(* Co-coercivity of the gradient of a convex function with mu-Lipschitz
   gradient: |g y - g x|^2 <= mu <g y - g x, y - x>; take s = 1/mu above for
   the pairs (x, y) and (y, x) and add. *)
Lemma cocoercive x y :
  dotv (g y - g x) (g y - g x) <= mu * dotv (g y - g x) (y - x).
Proof.
have [mu0|mu0] := lerP mu 0.
  by rewrite (lipschitz_nonpos_const y x mu0) subrr !dotv0l mulr0.
have bound_xy := gradient_gap_bound x y mu^-1.
have := gradient_gap_bound y x mu^-1.
rewrite -(opprB (g y)) dotvNl dotvNr opprK.
set G := g y - g x in bound_xy *.
have e1 : dotv (g y) (x - y) = - dotv (g y) (y - x) by rewrite -dotvNr opprB.
have e2 : dotv (g x) (y - x) - dotv (g y) (y - x) = - dotv G (y - x).
  by rewrite -dotvBl -dotvNl opprB.
have e3 : mu * mu^-1 ^+ 2 / 2 = mu^-1 / 2 by rewrite expr2; field; rewrite gt_eqF.
rewrite e3 in bound_xy * => bound_yx.
have : mu^-1 * dotv G G <= dotv G (y - x) by lra.
by rewrite -(ler_pM2l mu0) mulrA divff ?gt_eqF // mul1r.
Qed.

Definition reg_objective (q p : nat) (K : 'M[R]_(k, q)) (L : 'M[R]_(p, q)) (lam : R)
  (y : 'cV[R]_q) := f (K *m y) + lam / 2 * norm2 (L *m y) ^+ 2.

(* Quadratic upper model of the regularised objective along a direction c:
   descent lemma for f, exact expansion for the quadratic term. *)
Lemma reg_objective_step (q p : nat) (K : 'M[R]_(k, q)) (L : 'M[R]_(p, q)) lam y c s :
  reg_objective K L lam (y - s *: c) <= reg_objective K L lam y
    - s * dotv (K^T *m g (K *m y) + lam *: (L^T *m (L *m y))) c
    + s ^+ 2 * (mu / 2 * norm2 (K *m c) ^+ 2 + lam / 2 * norm2 (L *m c) ^+ 2).
Proof.
rewrite /reg_objective !mulmxBr -!scalemxAr !norm2_sq.
have := descent (K *m y) (- (s *: (K *m c))).
rewrite !(dotvNr, dotvNl, dotvZr, dotvZl, opprK) dotv_mul => descent_K.
rewrite !(dotvBl, dotvBr, dotvZr, dotvZl, dotvDl) (dotvC (L *m c)) dotv_mul.
rewrite expr2; lra.
Qed.
(* For every $n\ge 1$: (1) $|C^*_{n+1}| = \sum_{k=0}^{n-1} [b^k a^{n-1-k}]$; (2) $|C^*_{n+1}| \le \alpha_n \le |C^*_{n+1}| + |C^*_{n+2}| \le 2|C^*_{n+2}|$.
   Context: For $\pi \in S_m$, a pair $1\le i<j\le m$ is a stretching pair if $\pi(i) < i < j < \pi(j)$; $C^*_m$ is the set of $m$-cycles (permutations of $[m]$ consisting of one cycle of length $m$) with no stretching pairs. For non-negative integers $p+q=n-1$, $[b^p a^q]$ is the number of $\pi \in S_n$ such that, for $i\in[n-1]$, $\pi(i)>i$ iff $i \in\{1,\dots,p\}$. $\alpha_n$ is the number of $\pi \in S_n$ for which there are no indices $1\le i<i+1<j<j+1\le n$ with $\pi(i+1)<\pi(i)<\pi(j)<\pi(j+1)$ (pattern $21\text{-}34$) and no such indices with $\pi(j+1)<\pi(j)<\pi(i)<\pi(i+1)$ (pattern $34\text{-}21$). *)

From mathcomp Require Import all_boot all_fingroup.
Set Implicit Arguments. Unset Strict Implicit. Unset Printing Implicit Defensive.

(* Permutations of [m] are encoded as {perm 'I_m}, i.e. 0-based: the
   1-based value pi(i) corresponds to (s (i-1)) + 1. All conditions below
   are comparisons, hence invariant under this shift. *)

Definition is_full_cycle (m : nat) (s : {perm 'I_m}) : bool :=
  #|porbits s| == 1.

Definition stretching_pair (m : nat) (s : {perm 'I_m}) (i j : 'I_m) : bool :=
  [&& (nat_of_ord i < nat_of_ord j)%N,
      (nat_of_ord (s i) < nat_of_ord i)%N &
      (nat_of_ord j < nat_of_ord (s j))%N].

Definition Cstar (m : nat) : {set {perm 'I_m}} :=
  [set s : {perm 'I_m} | is_full_cycle s &&
     ~~ [exists i : 'I_m, exists j : 'I_m, stretching_pair s i j]].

────────────────

What you will do >>
Your reply should repeat the entire listing, word for word and complete.

Answer to this task >>
(* Co-coercivity of the gradient of a convex function with mu-Lipschitz
   gradient: |g y - g x|^2 <= mu <g y - g x, y - x>; take s = 1/mu above for
   the pairs (x, y) and (y, x) and add. *)
Lemma cocoercive x y :
  dotv (g y - g x) (g y - g x) <= mu * dotv (g y - g x) (y - x).
Proof.
have [mu0|mu0] := lerP mu 0.
  by rewrite (lipschitz_nonpos_const y x mu0) subrr !dotv0l mulr0.
have bound_xy := gradient_gap_bound x y mu^-1.
have := gradient_gap_bound y x mu^-1.
rewrite -(opprB (g y)) dotvNl dotvNr opprK.
set G := g y - g x in bound_xy *.
have e1 : dotv (g y) (x - y) = - dotv (g y) (y - x) by rewrite -dotvNr opprB.
have e2 : dotv (g x) (y - x) - dotv (g y) (y - x) = - dotv G (y - x).
  by rewrite -dotvBl -dotvNl opprB.
have e3 : mu * mu^-1 ^+ 2 / 2 = mu^-1 / 2 by rewrite expr2; field; rewrite gt_eqF.
rewrite e3 in bound_xy * => bound_yx.
have : mu^-1 * dotv G G <= dotv G (y - x) by lra.
by rewrite -(ler_pM2l mu0) mulrA divff ?gt_eqF // mul1r.
Qed.

Definition reg_objective (q p : nat) (K : 'M[R]_(k, q)) (L : 'M[R]_(p, q)) (lam : R)
  (y : 'cV[R]_q) := f (K *m y) + lam / 2 * norm2 (L *m y) ^+ 2.

(* Quadratic upper model of the regularised objective along a direction c:
   descent lemma for f, exact expansion for the quadratic term. *)
Lemma reg_objective_step (q p : nat) (K : 'M[R]_(k, q)) (L : 'M[R]_(p, q)) lam y c s :
  reg_objective K L lam (y - s *: c) <= reg_objective K L lam y
    - s * dotv (K^T *m g (K *m y) + lam *: (L^T *m (L *m y))) c
    + s ^+ 2 * (mu / 2 * norm2 (K *m c) ^+ 2 + lam / 2 * norm2 (L *m c) ^+ 2).
Proof.
rewrite /reg_objective !mulmxBr -!scalemxAr !norm2_sq.
have := descent (K *m y) (- (s *: (K *m c))).
rewrite !(dotvNr, dotvNl, dotvZr, dotvZl, opprK) dotv_mul => descent_K.
rewrite !(dotvBl, dotvBr, dotvZr, dotvZl, dotvDl) (dotvC (L *m c)) dotv_mul.
rewrite expr2; lra.
Qed.
(* For every $n\ge 1$: (1) $|C^*_{n+1}| = \sum_{k=0}^{n-1} [b^k a^{n-1-k}]$; (2) $|C^*_{n+1}| \le \alpha_n \le |C^*_{n+1}| + |C^*_{n+2}| \le 2|C^*_{n+2}|$.
   Context: For $\pi \in S_m$, a pair $1\le i<j\le m$ is a stretching pair if $\pi(i) < i < j < \pi(j)$; $C^*_m$ is the set of $m$-cycles (permutations of $[m]$ consisting of one cycle of length $m$) with no stretching pairs. For non-negative integers $p+q=n-1$, $[b^p a^q]$ is the number of $\pi \in S_n$ such that, for $i\in[n-1]$, $\pi(i)>i$ iff $i \in\{1,\dots,p\}$. $\alpha_n$ is the number of $\pi \in S_n$ for which there are no indices $1\le i<i+1<j<j+1\le n$ with $\pi(i+1)<\pi(i)<\pi(j)<\pi(j+1)$ (pattern $21\text{-}34$) and no such indices with $\pi(j+1)<\pi(j)<\pi(i)<\pi(i+1)$ (pattern $34\text{-}21$). *)

From mathcomp Require Import all_boot all_fingroup.
Set Implicit Arguments. Unset Strict Implicit. Unset Printing Implicit Defensive.

(* Permutations of [m] are encoded as {perm 'I_m}, i.e. 0-based: the
   1-based value pi(i) corresponds to (s (i-1)) + 1. All conditions below
   are comparisons, hence invariant under this shift. *)

Definition is_full_cycle (m : nat) (s : {perm 'I_m}) : bool :=
  #|porbits s| == 1.

Definition stretching_pair (m : nat) (s : {perm 'I_m}) (i j : 'I_m) : bool :=
  [&& (nat_of_ord i < nat_of_ord j)%N,
      (nat_of_ord (s i) < nat_of_ord i)%N &
      (nat_of_ord j < nat_of_ord (s j))%N].

Definition Cstar (m : nat) : {set {perm 'I_m}} :=
  [set s : {perm 'I_m} | is_full_cycle s &&
     ~~ [exists i : 'I_m, exists j : 'I_m, stretching_pair s i j]].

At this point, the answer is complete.